Extract results from a DESeq2 analysis and return a tidy tibble with tRNA identifiers and significance flags.
Arguments
- dds
A
DESeqDataSetobject (fromrun_deseq()).- contrast
A contrast specification: either a character vector of length 3 (e.g.,
c("condition", "mutant", "wildtype")) or a list for coefficient-based contrasts.- padj_cutoff
Adjusted p-value threshold for significance. Default
0.05.
Examples
# \donttest{
se <- create_clover(clover_example("ecoli/config.yaml"))

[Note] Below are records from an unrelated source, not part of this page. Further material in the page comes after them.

(* For each integer $r\ge 1$, let $G_r=(r+1)K_2 \nabla (r+1)K_2$, of order $4r+4$. Then $LE(G_r)=LE(K_{4r+4})=8r+6$ (so $G_r$ is $L$-borderenergetic), and $G_r$ and $K_{4r+4}$ have different Laplacian spectra.
   Context: All graphs are finite, simple and undirected. The Laplacian matrix of $G$ is $L(G)=D-A$ ($D$ degree matrix, $A$ adjacency matrix). For a graph $G$ on $n$ vertices with Laplacian eigenvalues $\mu_1,\dots,\mu_n$ and average degree $\overline d = 2|E(G)|/n$, the Laplacian energy is $LE(G)=\sum_{i=1}^n|\mu_i-\overline d|$. One has $LE(K_n)=2n-2$. A graph $G$ on $n$ vertices is $L$-borderenergetic if $LE(G)=LE(K_n)$. $K_m$ is the complete graph on $m$ vertices, $mG$ is the disjoint union of $m$ copies of $G$, and the join $G_1\nabla G_2$ is obtained from the disjoint union of $G_1$ and $G_2$ by adding all edges between a vertex of $G_1$ and a vertex of $G_2$. *)

From HB Require Import structures.
From mathcomp Require Import all_boot all_order all_algebra all_field.
Set Implicit Arguments. Unset Strict Implicit. Unset Printing Implicit Defensive.
Import Order.TTheory GRing.Theory Num.Theory.
Local Open Scope ring_scope.

Definition simple_graph n (e : rel 'I_n) : Prop :=
  (forall i, ~~ e i i) /\ (forall i j, e i j = e j i).

Definition deg n (e : rel 'I_n) (i : 'I_n) : nat := #|[pred k | e i k]|.

Definition laplacian n (e : rel 'I_n) : 'M[algC]_n :=
  \matrix_(i, j) ((if i == j then (deg e i)%:R else 0) - (e i j)%:R).

(* Laplacian spectrum: the multiset (as a seq, order irrelevant) of roots of
   the characteristic polynomial of L, counted with multiplicity. *)
Definition lspec n (e : rel 'I_n) : seq algC :=
  sval (closed_field_poly_normal (char_poly (laplacian e))).

Definition nedges n (e : rel 'I_n) : nat := #|[set p : 'I_n * 'I_n | e p.1 p.2 && (p.1 < p.2)%N]|.
Definition avgdeg n (e : rel 'I_n) : algC := (2 * nedges e)%:R / n%:R.

Definition LE n (e : rel 'I_n) : algC := \sum_(mu <- lspec e) `|mu - avgdeg e|.

Definition complete n : rel 'I_n := fun i j => i != j.

(* m K_2 on vertices 'I_(2*m): copy k is {2k, 2k+1} *)
Definition mK2 (m : nat) : rel 'I_(2 * m)%N := fun i j => (i != j) && (i./2 == j./2)%N.

Arguments mK2 : clear implicits.

(* join G1 \nabla G2 on 'I_(m+n): first m vertices carry G1, last n carry G2 *)
Definition gjoin m n (e1 : rel 'I_m) (e2 : rel 'I_n) : rel 'I_(m + n) :=
  fun i j => match split i, split j with
             | inl a, inl b => e1 a b
             | inr a, inr b => e2 a b
             | _, _ => true
             end.

Definition Gr (r : nat) : rel 'I_(2 * r.+1 + 2 * r.+1)%N := gjoin (mK2 r.+1) (mK2 r.+1).
Arguments Gr : clear implicits.
Arguments complete : clear implicits.

(* Let N = 2(r+1) and n = 2N. With J the all-ones matrix, B the indicator of
   "same side of the join" and P the permutation matrix of the perfect matching
   inside each side, L(G_r) = (N+1)I - (J - B + P).  The matrices J, B, P
   commute, so one unitary matrix triangularizes all of them, and the diagonal
   entries (j, b, p) of the triangular forms satisfy j^2 = 2Nj, b^2 = Nb,
   p^2 = 1, jb = Nj, pj = j, pb = b.  On the few solutions of this system the
   quantity |mu - dbar| = |b - j - p| is affine in j and b, so LE(G_r) only
   depends on the traces of J and B: LE = n + tr J / N + (N - 2) tr B / N
   = 4N - 2.  The same argument for L(K_n) = nI - J gives 2n - 2.  The spectra
   differ because their sums, the traces n(N+1) and n(n-1), differ for N > 2. *)

From HB Require Import structures.
From mathcomp Require Import all_boot all_order all_algebra all_field.
From mathcomp Require Import ring zify.
Import Order.TTheory GRing.Theory Num.Theory.
Local Open Scope ring_scope.

Section ConjugateTriangular.
Variables (F : fieldType) (n : nat).
Implicit Types (A B V : 'M[F]_n) (a : F).

Lemma conjmxD V A B : conjmx V (A + B) = conjmx V A + conjmx V B.
Proof. by rewrite /conjmx mulmxDr mulmxDl. Qed.

Lemma conjmxB V A B : conjmx V (A - B) = conjmx V A - conjmx V B.
Proof. by rewrite /conjmx mulmxBr mulmxBl. Qed.

Lemma conjmxZ V a A : conjmx V (a *: A) = a *: conjmx V A.
Proof. by rewrite /conjmx -scalemxAr -scalemxAl. Qed.

Lemma conjumxM V A B : V \in unitmx ->
  conjmx V (A *m B) = conjmx V A *m conjmx V B.
Proof. by move=> Vu; rewrite conjmxM ?inE ?stablemx_unit. Qed.

Lemma mxtrace_conjumx V A : V \in unitmx -> \tr (conjmx V A) = \tr A.
Proof. by move=> Vu; rewrite conjumx // mxtrace_mulC mulmxA mulVmx // mul1mx. Qed.

Lemma char_poly_conjumx V A : V \in unitmx -> char_poly (conjmx V A) = char_poly A.
Proof.
move=> Vu; rewrite conjumx // /char_poly /char_poly_mx.
have VV : map_mx polyC V *m map_mx polyC (invmx V) = 1%:M :> 'M[{poly F}]_n.
  by rewrite -map_mxM mulmxV // map_mx1.
have -> : 'X%:M - map_mx polyC (V *m A *m invmx V) =
   map_mx polyC V *m ('X%:M - map_mx polyC A) *m map_mx polyC (invmx V).
  by rewrite !map_mxM mulmxBr mulmxBl mul_mx_scalar -scalemxAl VV scalemx1.
rewrite !det_mulmx !det_map_mx mulrC mulrA -rmorphM -det_mulmx mulVmx //.
by rewrite det1 rmorph1 mul1r.
Qed.

Lemma is_trig_mxD A B : is_trig_mx A -> is_trig_mx B -> is_trig_mx (A + B).
Proof.
move=> /is_trig_mxP tA /is_trig_mxP tB; apply/is_trig_mxP => i j lt_ij.
by rewrite mxE tA ?tB ?addr0.
Qed.

Lemma is_trig_mxN A : is_trig_mx A -> is_trig_mx (- A).
Proof.
by move=> /is_trig_mxP tA; apply/is_trig_mxP => i j lt_ij; rewrite mxE tA ?oppr0.
Qed.

Lemma is_trig_scalar_mx a : is_trig_mx (a%:M : 'M[F]_n).
Proof. exact/is_diag_mx_is_trig/scalar_mx_is_diag. Qed.

Lemma mulmx_trig_diag A B i : is_trig_mx A -> is_trig_mx B ->
  (A *m B) i i = A i i * B i i.
Proof.
move=> /is_trig_mxP tA /is_trig_mxP tB; rewrite mxE (bigD1 i) //= big1 ?addr0 //.
move=> k /negbTE nki; case: (ltngtP i k) => [lt_ik|lt_ki|/val_inj eq_ik].
- by rewrite tA // mul0r.
- by rewrite tB // mulr0.
- by rewrite eq_ik eqxx in nki.
Qed.

Lemma conjumxM_diag V A B i : V \in unitmx ->
  is_trig_mx (conjmx V A) -> is_trig_mx (conjmx V B) ->
  conjmx V (A *m B) i i = conjmx V A i i * conjmx V B i i.
Proof. by move=> Vu tA tB; rewrite conjumxM // mulmx_trig_diag. Qed.

End ConjugateTriangular.

Section LaplacianSpectrum.
Context {n : nat} {e : rel 'I_n}.

Lemma lspec_trig {V : 'M[algC]_n} : V \in unitmx ->
  is_trig_mx (conjmx V (laplacian e)) ->
  perm_eq (lspec e) [seq conjmx V (laplacian e) i i | i <- enum 'I_n].
Proof.
move=> Vu tL; rewrite /lspec; case: closed_field_poly_normal => s /= Hs.
apply: prod_XsubC_eq; rewrite big_map big_enum /=.
rewrite -char_poly_trig // char_poly_conjumx // [RHS]Hs.
by rewrite (monicP (char_poly_monic _)) scale1r.
Qed.

Lemma LE_trig {V : 'M[algC]_n} : V \in unitmx ->
  is_trig_mx (conjmx V (laplacian e)) ->
  LE e = \sum_i `|conjmx V (laplacian e) i i - avgdeg e|.
Proof.
by move=> Vu tL; rewrite /LE (perm_big _ (lspec_trig Vu tL)) big_map big_enum.
Qed.

Lemma sum_lspec : (0 < n)%N -> \sum_(mu <- lspec e) mu = \tr (laplacian e).
Proof.
move=> n_gt0; have [V /unitarymx_unit Vu tL] := Schur (laplacian e) n_gt0.
rewrite (perm_big _ (lspec_trig Vu tL)) big_map big_enum.
exact: mxtrace_conjumx.
Qed.

Hypothesis e_simple : simple_graph e.

Lemma mxtrace_laplacian : \tr (laplacian e) = \sum_i (deg e i)%:R.
Proof.
case: e_simple => irr _; apply: eq_bigr => i _.
by rewrite mxE eqxx (negbTE (irr i)) subr0.
Qed.

Lemma handshake : (2 * nedges e = \sum_i deg e i)%N.
Proof.
case: e_simple => irr sym.
have deg_sum i : deg e i = (\sum_j e i j)%N.
  by rewrite /deg -sum1_card big_mkcond; apply: eq_bigr => j _; rewrite inE; case: (e i j).
have nedges_sum : nedges e = (\sum_i \sum_j (e i j && (i < j)%N))%N.
  rewrite /nedges -sum1_card pair_big big_mkcond /=.
  by apply: eq_bigr => -[i j] _; rewrite inE; case: (_ && _).
have split_edge i j : (e i j = (e i j && (i < j)%N) + (e j i && (j < i)%N) :> nat)%N.
  rewrite (sym j i); case: (boolP (e i j)) => //= eij.
  by case: ltngtP => // /val_inj eq_ij; move: (irr i); rewrite {2}eq_ij eij.
rewrite nedges_sum (eq_bigr _ (fun i _ => deg_sum i)).
under [RHS]eq_bigr do under eq_bigr do rewrite split_edge.
under [RHS]eq_bigr do rewrite big_split.
by rewrite big_split /= [X in (_ + X)%N]exchange_big mul2n addnn.
Qed.

Lemma avgdeg_regular {d : nat} : (0 < n)%N -> (forall i, deg e i = d) ->
  avgdeg e = d%:R.
Proof.
move=> n_gt0 e_reg; rewrite /avgdeg handshake.
under eq_bigr do rewrite e_reg.
by rewrite sum_nat_const card_ord natrM mulrC mulKf // pnatr_eq0 -lt0n.
Qed.

Lemma sum_lspec_regular {d : nat} : (0 < n)%N -> (forall i, deg e i = d) ->
  \sum_(mu <- lspec e) mu = (n * d)%:R.
Proof.
move=> n_gt0 e_reg; rewrite sum_lspec // mxtrace_laplacian.
by under eq_bigr do rewrite e_reg; rewrite sumr_const card_ord -mulrnA mulnC.
Qed.

End LaplacianSpectrum.

Lemma mulrr_eq_mull_cases {R : idomainType} {x c : R} :
  x * x = c * x -> x = 0 \/ x = c.
Proof.
move=> xx; have : (x - c) * x = 0 by rewrite mulrBl xx subrr.
by move/eqP; rewrite mulf_eq0 subr_eq0 => /orP[] /eqP ->; [right|left].
Qed.

Section EigenvalueNorms.
Variable R : numFieldType.

Lemma norm_1_sub_eig (m : nat) (j : R) : (0 < m)%N -> j * j = m%:R * j ->
  `|1 - j| = 1 + (m%:R - 2) / m%:R * j.
Proof.
move=> m_gt0 jj; have m0 : m%:R != 0 :> R by rewrite pnatr_eq0 -lt0n.
case: (mulrr_eq_mull_cases jj) => ->; first by rewrite subr0 mulr0 addr0 normr1.
rewrite divfK // distrC ger0_norm ?subr_ge0 ?ler1n //; ring.
Qed.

counts <- SummarizedExperiment::assay(se, "counts")
coldata <- as.data.frame(SummarizedExperiment::colData(se))
coldata$condition <- ifelse(
grepl("ctl", coldata$sample_id), "ctl", "inf"
)
dds <- run_deseq(counts, coldata, design = ~condition)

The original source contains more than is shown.